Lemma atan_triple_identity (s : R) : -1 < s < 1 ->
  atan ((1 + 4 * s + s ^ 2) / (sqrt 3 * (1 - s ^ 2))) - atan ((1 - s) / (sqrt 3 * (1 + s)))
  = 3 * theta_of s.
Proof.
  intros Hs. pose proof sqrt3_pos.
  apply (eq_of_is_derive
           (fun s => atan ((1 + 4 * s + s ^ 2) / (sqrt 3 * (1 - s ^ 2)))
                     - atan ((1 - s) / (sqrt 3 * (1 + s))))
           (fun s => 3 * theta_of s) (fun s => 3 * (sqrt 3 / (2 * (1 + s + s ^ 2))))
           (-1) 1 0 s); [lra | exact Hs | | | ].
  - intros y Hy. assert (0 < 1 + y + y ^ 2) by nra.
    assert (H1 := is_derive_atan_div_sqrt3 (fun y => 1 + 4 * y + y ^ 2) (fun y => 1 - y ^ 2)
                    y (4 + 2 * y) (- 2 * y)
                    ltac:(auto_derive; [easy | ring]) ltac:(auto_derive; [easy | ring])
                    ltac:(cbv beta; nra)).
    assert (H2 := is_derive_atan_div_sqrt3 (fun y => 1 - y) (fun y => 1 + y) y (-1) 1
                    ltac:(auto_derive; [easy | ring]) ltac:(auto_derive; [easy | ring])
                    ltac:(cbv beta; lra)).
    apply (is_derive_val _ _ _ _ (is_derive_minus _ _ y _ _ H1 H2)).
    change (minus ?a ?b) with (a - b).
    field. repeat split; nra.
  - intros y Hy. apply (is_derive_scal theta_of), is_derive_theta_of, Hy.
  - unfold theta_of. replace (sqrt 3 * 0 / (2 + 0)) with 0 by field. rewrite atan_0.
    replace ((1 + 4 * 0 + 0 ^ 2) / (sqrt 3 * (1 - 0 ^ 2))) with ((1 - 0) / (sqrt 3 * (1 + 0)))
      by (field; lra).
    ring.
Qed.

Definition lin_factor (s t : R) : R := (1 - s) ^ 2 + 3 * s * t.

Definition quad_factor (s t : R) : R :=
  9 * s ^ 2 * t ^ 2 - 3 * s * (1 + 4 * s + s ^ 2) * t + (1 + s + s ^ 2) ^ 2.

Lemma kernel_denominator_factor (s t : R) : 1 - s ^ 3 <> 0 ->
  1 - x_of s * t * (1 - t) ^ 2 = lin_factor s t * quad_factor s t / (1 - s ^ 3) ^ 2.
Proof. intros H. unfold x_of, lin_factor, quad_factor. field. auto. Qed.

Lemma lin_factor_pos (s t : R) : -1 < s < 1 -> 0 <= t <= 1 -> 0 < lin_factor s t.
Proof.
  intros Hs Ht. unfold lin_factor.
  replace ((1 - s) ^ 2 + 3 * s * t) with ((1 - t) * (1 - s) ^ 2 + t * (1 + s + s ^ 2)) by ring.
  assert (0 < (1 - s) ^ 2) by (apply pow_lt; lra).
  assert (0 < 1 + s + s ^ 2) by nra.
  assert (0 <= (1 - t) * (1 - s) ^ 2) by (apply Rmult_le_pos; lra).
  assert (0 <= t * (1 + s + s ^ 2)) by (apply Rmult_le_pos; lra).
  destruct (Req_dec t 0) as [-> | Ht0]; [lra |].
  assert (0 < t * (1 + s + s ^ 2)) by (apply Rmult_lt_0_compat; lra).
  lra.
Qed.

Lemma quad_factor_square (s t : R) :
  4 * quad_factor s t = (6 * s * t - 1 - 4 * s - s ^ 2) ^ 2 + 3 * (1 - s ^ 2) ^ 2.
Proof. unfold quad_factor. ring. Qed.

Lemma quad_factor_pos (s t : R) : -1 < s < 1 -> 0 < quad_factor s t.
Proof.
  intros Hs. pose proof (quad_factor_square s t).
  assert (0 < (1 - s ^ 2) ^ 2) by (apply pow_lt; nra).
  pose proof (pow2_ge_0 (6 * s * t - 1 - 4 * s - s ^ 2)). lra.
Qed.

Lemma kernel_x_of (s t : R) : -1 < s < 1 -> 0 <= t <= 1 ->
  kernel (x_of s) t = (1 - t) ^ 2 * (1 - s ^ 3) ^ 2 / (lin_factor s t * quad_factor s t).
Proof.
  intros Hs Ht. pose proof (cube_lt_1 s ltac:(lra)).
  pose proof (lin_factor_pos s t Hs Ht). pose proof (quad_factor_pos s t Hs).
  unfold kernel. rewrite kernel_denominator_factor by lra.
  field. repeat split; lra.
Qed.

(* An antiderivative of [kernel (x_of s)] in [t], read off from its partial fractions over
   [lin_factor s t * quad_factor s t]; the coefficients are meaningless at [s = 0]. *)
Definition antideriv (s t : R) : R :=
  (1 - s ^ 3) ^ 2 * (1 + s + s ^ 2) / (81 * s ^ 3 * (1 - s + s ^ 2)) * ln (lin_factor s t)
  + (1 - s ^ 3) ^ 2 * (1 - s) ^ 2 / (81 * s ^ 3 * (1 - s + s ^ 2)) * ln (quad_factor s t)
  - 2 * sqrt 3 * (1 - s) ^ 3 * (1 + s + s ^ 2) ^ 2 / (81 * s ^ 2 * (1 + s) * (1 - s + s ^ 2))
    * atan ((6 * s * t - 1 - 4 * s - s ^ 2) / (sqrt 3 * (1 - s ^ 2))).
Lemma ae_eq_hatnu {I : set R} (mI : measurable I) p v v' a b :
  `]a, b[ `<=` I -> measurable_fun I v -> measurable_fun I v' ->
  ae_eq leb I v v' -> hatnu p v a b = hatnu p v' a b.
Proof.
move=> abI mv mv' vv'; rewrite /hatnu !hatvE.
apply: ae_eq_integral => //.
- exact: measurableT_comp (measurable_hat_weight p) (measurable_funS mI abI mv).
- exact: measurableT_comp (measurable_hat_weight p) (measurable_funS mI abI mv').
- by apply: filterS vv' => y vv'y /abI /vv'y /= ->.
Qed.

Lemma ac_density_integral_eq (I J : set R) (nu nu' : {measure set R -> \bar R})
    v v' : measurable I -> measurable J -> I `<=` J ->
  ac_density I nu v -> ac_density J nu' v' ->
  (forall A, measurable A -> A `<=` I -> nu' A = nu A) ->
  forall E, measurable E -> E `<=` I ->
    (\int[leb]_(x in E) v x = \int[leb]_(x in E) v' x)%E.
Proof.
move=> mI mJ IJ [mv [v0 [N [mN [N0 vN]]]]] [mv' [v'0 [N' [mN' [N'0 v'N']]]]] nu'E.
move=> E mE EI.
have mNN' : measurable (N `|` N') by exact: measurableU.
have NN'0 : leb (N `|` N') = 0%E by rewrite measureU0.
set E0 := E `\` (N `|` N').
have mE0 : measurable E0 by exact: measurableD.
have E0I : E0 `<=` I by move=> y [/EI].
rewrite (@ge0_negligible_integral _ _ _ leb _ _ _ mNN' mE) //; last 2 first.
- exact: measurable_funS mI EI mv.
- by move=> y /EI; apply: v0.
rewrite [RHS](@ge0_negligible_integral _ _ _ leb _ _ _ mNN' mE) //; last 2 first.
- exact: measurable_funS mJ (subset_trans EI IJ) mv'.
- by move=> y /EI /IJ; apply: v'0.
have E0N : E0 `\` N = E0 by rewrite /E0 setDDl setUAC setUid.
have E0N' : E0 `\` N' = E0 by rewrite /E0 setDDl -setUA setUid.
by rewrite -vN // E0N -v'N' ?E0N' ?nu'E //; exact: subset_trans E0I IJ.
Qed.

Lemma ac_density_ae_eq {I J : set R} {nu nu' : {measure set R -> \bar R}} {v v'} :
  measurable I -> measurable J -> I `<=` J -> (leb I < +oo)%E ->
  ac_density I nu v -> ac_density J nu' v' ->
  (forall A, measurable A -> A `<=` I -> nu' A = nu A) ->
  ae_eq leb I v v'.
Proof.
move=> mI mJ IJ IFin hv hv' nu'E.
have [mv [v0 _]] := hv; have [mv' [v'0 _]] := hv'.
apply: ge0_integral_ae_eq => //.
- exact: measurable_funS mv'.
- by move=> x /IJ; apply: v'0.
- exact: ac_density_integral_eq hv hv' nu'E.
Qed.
■ ■ ■ ■ ■ ■ ■
**About this exercise**:
What lines in the data above carry "Definition"? Return them all.

**Completed task**:
Definition lin_factor (s t : R) : R := (1 - s) ^ 2 + 3 * s * t.
Definition quad_factor (s t : R) : R :=
Definition antideriv (s t : R) : R :=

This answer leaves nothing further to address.